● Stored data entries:
···

(* Let $I$ be a monomial ideal of a polynomial ring $Q=\Bbbk[x_1,\ldots,x_n]$, let $\mathbb{T}$ be the Taylor resolution of $Q/I$ (with respect to a fixed total order on $G(I)$), equipped with Gemeda's dg algebra structure, and let $A$ be a Morse matching on the Taylor graph of $I$. Suppose that $A_+$ is closed under taking supersets, i.e., if $V\in A_+$ and $V\subseteq W\subseteq G(I)$ then $W\in A_+$. Then the subcomplex $\mathbb{J}$ induced by $A$ is a dg ideal of $\mathbb{T}$ (i.e., $\mathbb{T}\mathbb{J}\subseteq\mathbb{J}$), and consequently $\mathbb{T}/\mathbb{J}$ admits the structure of a differential graded algebra.
   Context: Let $G(I)$ denote the set of minimal monomial generators of $I$, with a fixed total order $<$. For $U\subseteq G(I)$ put $m_U=\mathrm{lcm}\{u: u\in U\}$ ($m_\emptyset=1$). The Taylor resolution $\mathbb{T}$ of $Q/I$ has $\mathbb{T}_i$ free with basis $\{e_U: U\subseteq G(I), |U|=i\}$ and differential $\partial(e_U)=\sum_{u\in U}(-1)^{\sigma(u,U)}\frac{m_U}{m_{U\setminus\{u\}}}e_{U\setminus\{u\}}$, where $\sigma(u,U)=|\{v\in U: v<u\}|$. Gemeda's product: $e_V\cdot e_W=(-1)^{\sigma(V,W)}\frac{m_Vm_W}{m_{V\cup W}}e_{V\cup W}$ if $V\cap W=\emptyset$ and $0$ otherwise, where $\sigma(V,W)=|\{(v,w)\in V\times W: v>w\}|$; this makes $\mathbb{T}$ a dg algebra (graded-commutative, associative, unital, squares of odd elements zero, Leibniz rule $\partial(ab)=\partial(a)b+(-1)^{|a|}a\partial(b)$). The Taylor graph of $I$ is the directed graph whose vertices are the subsets of $G(I)$, with an edge $\sigma\to\tau$ iff $\tau\subseteq\sigma$, $|\tau|=|\sigma|-1$, $m_\sigma=m_\tau$ and $|\tau|\ge 2$. A Morse matching is a set $A$ of edges of the Taylor graph, no two sharing a vertex, such that reversing the edges of $A$ yields an acyclic directed graph; $A_+$ is the set of sources and $A_-$ the set of targets of edges in $A$. The subcomplex induced by $A$ is $\mathbb{J}=\bigoplus_{V\in A_+}(Qe_V\oplus Q\partial(e_V))$, i.e., the subcomplex spanned by $e_V$ and $\partial(e_V)$ for $V\in A_+$. A subcomplex $\mathbb{J}$ of a dg algebra $\mathbb{F}$ is a dg ideal if $\mathbb{F}\mathbb{J}\subseteq\mathbb{J}$. *)

From HB Require Import structures.
From mathcomp Require Import all_boot all_order all_algebra.
From mathcomp Require Import fingraph.
From mathcomp.multinomials Require Import mpoly.
(* Let $n\ge 2$ and let $\mathbb{H}^n=\mathbb{R}^+\times\mathbb{R}^{n-1}=\{(t,x)\}$ be the hyperbolic upper-half space with metric $ds^2=\frac{1}{t^2}(dt^2+dx_1^2+\dots+dx_{n-1}^2)$. Let $h:\mathbb{R}^{n-1}\to\mathbb{C}$ be a non-constant function harmonic with respect to the Euclidean metric on $\mathbb{R}^{n-1}$, let $r\ge 1$ be an integer, and let $p_r:\mathbb{R}^+\to\mathbb{C}$ be given by $p_r(t)=(a_r+b_r t^{n-1})\cdot\log(t)^{r-1}$, where $(a_r,b_r)\in\mathbb{C}^2$ is non-zero. Then the function $f_r:\mathbb{H}^n\to\mathbb{C}$, $f_r(t,x)=p_r(t)\cdot h(x)$, is proper $r$-harmonic on $\mathbb{H}^n$.
   Context: For a Riemannian manifold $(M,g)$ the Laplace–Beltrami operator (tension field) acts on complex-valued functions by $\tau(f)=\sum_{i,j}\frac{1}{\sqrt{|g|}}\frac{\partial}{\partial x_j}\bigl(g^{ij}\sqrt{|g|}\frac{\partial f}{\partial x_i}\bigr)$; on $\mathbb{H}^n$ this is $\tau(f)=t^2\sum_{k=1}^{n-1}\frac{\partial^2 f}{\partial x_k^2}+t^2\frac{\partial^2 f}{\partial t^2}-(n-2)t\frac{\partial f}{\partial t}$. Iterates: $\tau^0(f)=f$, $\tau^r(f)=\tau(\tau^{r-1}(f))$. A function $f$ is $r$-harmonic if $\tau^r(f)=0$, and proper $r$-harmonic if moreover $\tau^{r-1}(f)$ does not vanish identically. *)

From HB Require Import structures.
From mathcomp Require Import all_boot all_order all_algebra.
From mathcomp Require Import all_classical all_reals.
From mathcomp Require Import topology normedtype derive exp.
From mathcomp Require Import complex.

Set Implicit Arguments.
Unset Strict Implicit.
Unset Printing Implicit Defensive.

Import Order.TTheory GRing.Theory Num.Theory.
Import numFieldNormedType.Exports.
Local Open Scope ring_scope.
Local Open Scope complex_scope.

Section Defs.
Variable R : realType.

Definition cderive1 (g : R -> R[i]) (t : R) : R[i] :=
  (derive1 (fun s => complex.Re (g s)) t) +i* (derive1 (fun s => complex.Im (g s)) t).

Definition cderivable (g : R -> R[i]) (t : R) : Prop :=
  derivable (fun s => complex.Re (g s)) t 1 /\ derivable (fun s => complex.Im (g s)) t 1.

Definition ccontinuous (m : nat) (g : 'rV[R]_m -> R[i]) : Prop :=
  continuous (fun x => complex.Re (g x)) /\ continuous (fun x => complex.Im (g x)).

Definition ebasis (m : nat) (k : 'I_m) : 'rV[R]_m := \row_(j < m) (j == k)%:R.

Definition cpartial (m : nat) (k : 'I_m) (h : 'rV[R]_m -> R[i]) (x : 'rV[R]_m) : R[i] :=
  cderive1 (fun s => h (x + s *: ebasis k)) 0.

Definition C2 (m : nat) (h : 'rV[R]_m -> R[i]) : Prop :=
  ccontinuous h /\
  (forall k x, cderivable (fun s => h (x + s *: ebasis k)) 0) /\
  (forall k, ccontinuous (cpartial k h)) /\
  (forall j k x, cderivable (fun s => cpartial k h (x + s *: ebasis j)) 0) /\
  (forall j k, ccontinuous (cpartial j (cpartial k h))).

Definition euclid_laplacian (m : nat) (h : 'rV[R]_m -> R[i]) (x : 'rV[R]_m) : R[i] :=
  \sum_(k < m) cpartial k (cpartial k h) x.

Definition harmonic (m : nat) (h : 'rV[R]_m -> R[i]) : Prop :=
  C2 h /\ forall x, euclid_laplacian h x = 0.

(* Functions on H^n = R^+ x R^(n-1) are represented as F : R -> 'rV_(n-1) -> C;
   only values with t > 0 are relevant. *)

Definition dt (m : nat) (F : R -> 'rV[R]_m -> R[i]) (t : R) (x : 'rV[R]_m) : R[i] :=
  cderive1 (fun s => F s x) t.
Definition dx (m : nat) (k : 'I_m) (F : R -> 'rV[R]_m -> R[i]) (t : R) (x : 'rV[R]_m) : R[i] :=
  cpartial k (F t) x.

Definition tension (n : nat) (F : R -> 'rV[R]_n.-1 -> R[i]) : R -> 'rV[R]_n.-1 -> R[i] :=
  fun t x =>
    (t ^+ 2)%:C * (\sum_(k < n.-1) dx k (dx k F) t x)
    + (t ^+ 2)%:C * dt (dt F) t x
    - ((n - 2)%:R * t)%:C * dt F t x.

Definition tension_iter (n r : nat) (F : R -> 'rV[R]_n.-1 -> R[i]) :=
  iter r (@tension n) F.

Definition r_harmonic (n r : nat) (F : R -> 'rV[R]_n.-1 -> R[i]) : Prop :=
  forall t x, 0 < t -> tension_iter r F t x = 0.
Definition proper_r_harmonic (n r : nat) (F : R -> 'rV[R]_n.-1 -> R[i]) : Prop :=
  r_harmonic r F /\ exists t x, 0 < t /\ tension_iter r.-1 F t x != 0.

End Defs.

From HB Require Import structures.
From mathcomp Require Import all_boot all_order all_algebra.
From mathcomp Require Import all_classical all_reals.
From mathcomp Require Import topology normedtype derive exp realfun.
From mathcomp Require Import complex.
From mathcomp Require Import ring zify.

(* Separation of variables: if h is Euclidean-harmonic, then
   tau(p(t) h(x)) = (t^2 p'' - (n-2) t p') h.  On functions of the form
   p(t) = P(ln t) + t^m Q(ln t), with m = n-1 and polynomials P, Q, this
   operator acts by P |-> P'' - m P' and Q |-> Q'' + m Q' ([tension_poly]).
   Both lower the degree by one and multiply the leading coefficient by
   -m d and m d respectively, so r-1 steps take (a X^(r-1), b X^(r-1)) to the
   constants ((-m)^(r-1) a, m^(r-1) b) (r-1)!, not both zero, and one more
   step gives 0.  A + t^m B with (A, B) <> 0 cannot vanish at both t = 1 and
   t = 2. *)

Set Implicit Arguments.
Unset Strict Implicit.
Unset Printing Implicit Defensive.

Import Order.TTheory GRing.Theory Num.Theory.
Import numFieldNormedType.Exports.
Local Open Scope ring_scope.
Local Open Scope complex_scope.

Section TensionPoly.
Variable K : nzRingType.
Implicit Types (c : K) (P : {poly K}).

Definition tension_poly c P := P^`()^`() - c *: P^`().

Lemma coef_tension_poly c P i :
  (tension_poly c P)`_i = P`_i.+2 *+ i.+2 *+ i.+1 - c * (P`_i.+1 *+ i.+1).
Proof. by rewrite coefB coefZ !coef_deriv. Qed.

Lemma size_tension_poly c P : (size (tension_poly c P) <= (size P).-1)%N.
Proof.
apply/leq_sizeP => i lePi.
rewrite coef_tension_poly !nth_default ?mul0rn ?mulr0 ?subr0 //.
all: by case: (size P) lePi => //= k; lia.
Qed.

Lemma tension_polyC c (a : K) : tension_poly c a%:P = 0.
Proof. by rewrite /tension_poly derivC deriv0 scaler0 subr0. Qed.

Lemma iter_tension_poly c j P :
  (size P <= j.+1)%N -> iter j (tension_poly c) P = ((- c) ^+ j * P`_j *+ j`!)%:P.
Proof.
elim: j P => [|j IH] P szP; first by rewrite expr0 mul1r mulr1n [LHS]size1_polyC.
have szTP : (size (tension_poly c P) <= j.+1)%N.
  by apply: leq_trans (size_tension_poly c P) _; case: (size P) szP => //= k; lia.
rewrite iterSr IH // coef_tension_poly [P`_j.+2]nth_default // !mul0rn sub0r.
by rewrite -mulNr mulrA -exprSr mulrnAr -mulrnA -factS.
Qed.

Lemma iter_tension_poly_monomial c k a :
  iter k (tension_poly c) (a *: 'X^k) = ((- c) ^+ k * a *+ k`!)%:P.
Proof.
rewrite iter_tension_poly ?coefZ ?coefXn ?eqxx ?mulr1 //.
by rewrite (leq_trans (size_scale_leq _ _)) // size_polyXn.
Qed.

End TensionPoly.
Lemma Fop_le_supF W b p : is_distr p -> Fop P W b p <= supF P W b.
Proof.
move=> p_distr; pose M := \rsum_(x : B) Rabs (W x).
have [ub _] : is_lub (fun x => exists q, is_distr q /\ x = Fop P W b q) (supF P W b).
  apply: is_lub_Rsup; first by exists (Fop P W b p), p.
  exists (\rsum_(a : A) / ln 2 + M) => _ [q [q_distr ->]].
  apply: Fop_le_log_bound => // x; apply: Rle_trans (Rle_abs _) _.
  apply: (@rsum_ge_term _ (fun x => Rabs (W x))) => y; apply: Rabs_pos.
by apply: ub; exists p.
Qed.

End OneStep.

Lemma rsum_tuple0 (T : finType) (F : 0.-tuple T -> R) :
  \rsum_(t : 0.-tuple T) F t = F [tuple].
Proof. by apply: big_pred1 => t /=; symmetry; apply/eqP; apply: tuple0. Qed.

Lemma rsum_pair (I J : finType) (F : I * J -> R) :
  \rsum_(x : I * J) F x = \rsum_(i : I) \rsum_(j : J) F (i, j).
Proof. by rewrite pair_bigA; apply: eq_bigr => -[]. Qed.

Lemma rsum_tupleS (T : finType) n (F : n.+1.-tuple T -> R) :
  \rsum_(t : n.+1.-tuple T) F t = \rsum_(x : T) \rsum_(t : n.-tuple T) F [tuple of x :: t].
Proof.
rewrite pair_bigA (reindex (fun p : T * n.-tuple T => [tuple of p.1 :: p.2])) //.
exists (fun t => (thead t, [tuple of behead t])).
  by move=> [x t] _ /=; congr pair; apply: val_inj.
by move=> t _; rewrite /= -tuple_eta.
Qed.

Section Trajectories.
Context {A B : finType} (P : B -> B -> A -> R).

Lemma bprev_cons n bm1 (x : A * B) (t : n.-tuple (A * B)) (i : 'I_n) :
  bprev bm1 [tuple of x :: t] (lift ord0 i) = bprev x.2 t i.
Proof.
case: i => [[|k] Hk] //=.
by apply: set_nth_default; rewrite size_map size_tuple; apply: ltnW.
Qed.

Definition traj_prob (pi : B -> A -> R) {n} b (t : n.-tuple (A * B)) : R :=
  \rprod_(i < n) (pi (bprev b t i) (tnth t i).1 * P (tnth t i).2 (bprev b t i) (tnth t i).1).

Definition traj_info (pi : B -> A -> R) {n} b (t : n.-tuple (A * B)) : R :=
  \rsum_(i < n) log2 (P (tnth t i).2 (bprev b t i) (tnth t i).1
                      / Pout P (pi (bprev b t i)) (tnth t i).2 (bprev b t i)).

Definition exp_info (pi : B -> A -> R) n b : R :=
  \rsum_(t : n.-tuple (A * B)) (traj_prob pi b t * traj_info pi b t).

Lemma traj_prob_cons pi n b x (t : n.-tuple (A * B)) :
  traj_prob pi b [tuple of x :: t] = pi b x.1 * P x.2 b x.1 * traj_prob pi x.2 t.
Proof.
rewrite /traj_prob big_ord_recl; congr Rmult.
by apply: eq_bigr => i _; rewrite bprev_cons tnthS.
Qed.
Let Q_W_le i n : Q (W i n @^-1` `]-oo, expR (n%:R * b)]) = (1 - p n)%:E.
Proof.
rewrite -setCitvr preimage_setC probability_setC; last exact: mW_preimage (measurable_itv _).
by rewrite Q_W_exceed Q_exceed.
Qed.

Lemma measure_below_le_prod N M : (Q (below N) <= (\prod_(N <= n < M) (1 - p n) ^+ m n)%:E)%E.
Proof.
pose s := [seq Some (i, n) | n <- index_iota N M, i <- index_iota 0 (m n)].
pose B (j : option (nat * nat)) : set R :=
  if j is Some (i, n) then `]-oo, expR (n%:R * b)] else setT.
have mB j : measurable (B j) by case: j => [[i n]|] //=; exact: measurable_itv.
have s_uniq : uniq s.
  apply: allpairs_uniq_dep; [exact: iota_uniq | by move=> n _; exact: iota_uniq |].
  by move=> [n1 i1] [n2 i2] _ _ /= [-> ->].
have below_sub : below N `<=` \bigcap_(j in [set` s]) (fam V W j @^-1` B j).
  move=> x belowx j /= /allpairsPdep [n [i [+ + ->]]] /=.
  by rewrite !mem_index_iota => /andP[Nn _] /andP[_ im]; exact: belowx.
apply: (@le_trans _ _ (Q (\bigcap_(j in [set` s]) fam V W j @^-1` B j))).
  apply: le_measure below_sub; rewrite inE//.
  rewrite bigcap_seq; apply: bigsetI_measurable => -[[i n]|] _ /=; first exact: mW_preimage.
  by rewrite -[_ @^-1` _]setTI; apply: mV.
rewrite (W_indep s_uniq mB).
rewrite (eq_bigr (fun j => (if j is Some (i, n) then 1 - p n else 1)%:E)).
  rewrite prodEFin lee_fin /s big_allpairs_dep/= (eq_bigr (fun n => (1 - p n) ^+ m n))//.
  by move=> n _; rewrite prodr_const_nat subn0.
by move=> -[[i n]|] _ /=; [exact: Q_W_le | rewrite preimage_setT probability_setT].
Qed.

Lemma integral_logp_lty_of_ae_block_series :
  {ae Q, forall x, (\sum_(0 <= n <oo) (block_term x n)%:E < +oo)%E} ->
  (\int[Q]_x ((logp (V x)) ^+ d)%:E < +oo)%E.
Proof.
move=> fin.
have ae_below : {ae Q, forall x, exists N, below N x}.
  apply: filterS2 ae_W_ge0 fin => x W0 /(block_series_lty_eventually_le W0) [N WN].
  by exists N => n /= Nn i /= im; rewrite /preimage /= in_itv /= WN.
have [N below_gt0] := ae_exists_measure_gt0 measurable_below ae_below.
have Q_below : Q (below N) = (fine (Q (below N)))%:E by rewrite fineK// fin_num_measure.
have sum_le M : \sum_(N <= n < M) (m n)%:R * p n <= - ln (fine (Q (below N))).
  apply: sum_le_ln_prod => //; first by rewrite -lte_fin -Q_below.
  by rewrite -lee_fin -Q_below; exact: measure_below_le_prod.
apply/(integral_logp_lty_iff Q mV c0 b0 d_gt0).
have mp0 n : 0 <= (m n)%:R * p n by rewrite mulr_ge0//; case/andP: (p01 n).
under eq_eseriesr do rewrite Q_exceed -EFinM.
rewrite (nneseries_split 0 N) => [|n _]; last by rewrite lee_fin.
rewrite add0n sumEFin; apply: lte_add_pinfty; first exact: ltry.
exact: le_lt_trans (nneseries_le_bound mp0 sum_le) (ltry _).
Qed.

End block_series.
Lemma fail_gmean_le_succ n : (0 < n)%N -> fail_gmean n <= fail_gmean n.+1.
Proof.
move=> n_gt0; rewrite -(ler_pXn2r (ltn0Sn n)) ?nnegrE ?fail_gmean_ge0 //.
rewrite fail_gmean_expn // fail_prodS -(fail_gmean_expn n_gt0).
by rewrite exprSr ler_wpM2l ?exprn_ge0 ?fail_gmean_ge0 ?fail_gmean_le_nth.
Qed.

Lemma is_prob_1Bfail_gmean n : is_prob (1 - fail_gmean n).
Proof. by rewrite is_prob1B // /is_prob fail_gmean_ge0 fail_gmean_le1. Qed.

Lemma binom_tail_fail_gmean_SS_le n i : (0 < n)%N ->
  binom_tail_ge n.+1 (1 - fail_gmean n.+1) i.+1 <= binom_tail_ge n (1 - fail_gmean n) i.
Proof.
move=> n_gt0; rewrite -!pbin_tail_nseq.
have gn01 := is_prob_1Bfail_gmean n.
apply: le_trans (pbin_tail_consS_le i gn01 (all_is_prob_nseq n gn01)).
apply: pbin_tail_nseq_homo; rewrite ?is_prob_1Bfail_gmean //.
by rewrite lerB // fail_gmean_le_succ.
Qed.

Lemma binom_tail_fail_gmean_le_S n i : (0 < n)%N ->
  binom_tail_ge n (1 - fail_gmean n) i <= binom_tail_ge n.+1 (1 - fail_gmean n.+1) i.
Proof.
move=> n_gt0; rewrite -!pbin_tail_nseq.
pose d := powR (fail_prod n) n.+1%:R^-1.
have d_ge0 : 0 <= d by exact: powR_ge0.
have dSn : d ^+ n.+1 = fail_prod n by rewrite powR_invnK ?fail_prod_ge0.
have d_le1 : d <= 1.
  by rewrite -(ler_pXn2r (ltn0Sn n)) ?nnegrE // dSn expr1n fail_prod_le1.
have gn_d : fail_gmean n ^+ n = d ^+ n.+1 by rewrite dSn fail_gmean_expn.
apply: le_trans (pbin_tail_spread i n_gt0 (fail_gmean_ge0 n) _ gn_d) _.
  by rewrite d_ge0 d_le1.
apply: pbin_tail_nseq_homo; rewrite ?is_prob_1Bfail_gmean ?is_prob1B //.
  by rewrite /is_prob d_ge0 d_le1.
rewrite lerB // -(ler_pXn2r (ltn0Sn n)) ?nnegrE ?fail_gmean_ge0 //.
rewrite fail_gmean_expn // dSn fail_prodS ler_piMr ?fail_prod_ge0 //.
by case/andP: (is_prob_nth n) => sn_ge0 _; rewrite lerBlDr lerDl.
Qed.

End FailureGeometricMean.

Lemma is_prob_sortedF (R : realType) m (F : 'I_m -> R -> R) t :
  (forall k, 0 <= F k t <= 1) -> all is_prob (sortedF F t).
Proof. by move=> F01; apply/allP=> x; rewrite mem_sort => /mapP[k _ ->]; apply: F01. Qed.

Lemma sorted_sortedF (R : realType) m (F : 'I_m -> R -> R) t :
  sorted >=%R (sortedF F t).
Proof. by apply: sort_sorted => x y; rewrite orbC le_total. Qed.

Unset Implicit Arguments.
Theorem lemma7p2 (R : realType) (m : nat) (alpha : R) (F : 'I_m -> R -> R) (t : R) :
  (1 <= m)%N ->
  0 < alpha < 1 ->
  (forall k x, 0 <= x <= 1 -> 0 <= F k x <= 1) ->
  0 <= t <= 1 ->
  (* non-increasing in i *)
  (forall (l i1 i2 : nat), (1 <= l <= m)%N ->
     (1 <= i1)%N -> (i1 <= i2)%N ->
     (i2%:Z <= Num.floor (alpha * l%:R) + 1)%R ->
     Q F t l i2 <= Q F t l i1) /\
  (* non-increasing in l *)
  (forall (l1 l2 i : nat), (1 <= l1)%N -> (l1 <= l2)%N -> (l2 <= m)%N ->
     (1 <= i)%N ->
     (i%:Z <= Num.floor (alpha * l1%:R) + 1)%R ->
     (i%:Z <= Num.floor (alpha * l2%:R) + 1)%R ->
     Q F t l2 i <= Q F t l1 i).
Proof.
move=> _ _ F01 t01.
have s01 := is_prob_sortedF (fun k => F01 k t t01).
have s_sorted := sorted_sortedF F t.
pose g := fail_gmean (sortedF F t).
have QE l i : Q F t l i = binom_tail_ge (m - l + i) (1 - g (m - l + i)%N) i by [].
split=> [l i1 i2 _ i1_gt0 le_i12 _ | l1 l2 i _ le_l12 le_l2m i_gt0 _ _].
  have /nonincreasing_seqP homo : forall k, Q F t l k.+2 <= Q F t l k.+1.
    by move=> k; rewrite !QE addnS; apply: binom_tail_fail_gmean_SS_le; rewrite ?addnS.
  rewrite -(prednK i1_gt0) -(prednK (leq_trans i1_gt0 le_i12)).
  by rewrite homo // -!subn1 leq_sub2r.
rewrite !QE; have -> : (m - l1 + i = (m - l2 + i) + (l2 - l1))%N by lia.
have n_gt0 : (0 < m - l2 + i)%N by rewrite addn_gt0 i_gt0 orbT.
move: (m - l2 + i)%N n_gt0 (l2 - l1)%N => n n_gt0 k.
have /nondecreasing_seqP homo : forall j, binom_tail_ge (n + j) (1 - g (n + j)%N) i
    <= binom_tail_ge (n + j.+1) (1 - g (n + j.+1)%N) i.
  by move=> j; rewrite addnS binom_tail_fail_gmean_le_S // addn_gt0 n_gt0.
by have := homo 0%N k (leq0n k); rewrite addn0.
Qed.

···

● Task to complete:
In the entries above, please find the line with "have [ub _]" and the line with "Lemma rsum_pair (I", then write out exactly those two lines and every line between them, and nothing more.

● Response:
have [ub _] : is_lub (fun x => exists q, is_distr q /\ x = Fop P W b q) (supF P W b).
  apply: is_lub_Rsup; first by exists (Fop P W b p), p.
  exists (\rsum_(a : A) / ln 2 + M) => _ [q [q_distr ->]].
  apply: Fop_le_log_bound => // x; apply: Rle_trans (Rle_abs _) _.
  apply: (@rsum_ge_term _ (fun x => Rabs (W x))) => y; apply: Rabs_pos.
by apply: ub; exists p.
Qed.

End OneStep.

Lemma rsum_tuple0 (T : finType) (F : 0.-tuple T -> R) :
  \rsum_(t : 0.-tuple T) F t = F [tuple].
Proof. by apply: big_pred1 => t /=; symmetry; apply/eqP; apply: tuple0. Qed.

Lemma rsum_pair (I J : finType) (F : I * J -> R) :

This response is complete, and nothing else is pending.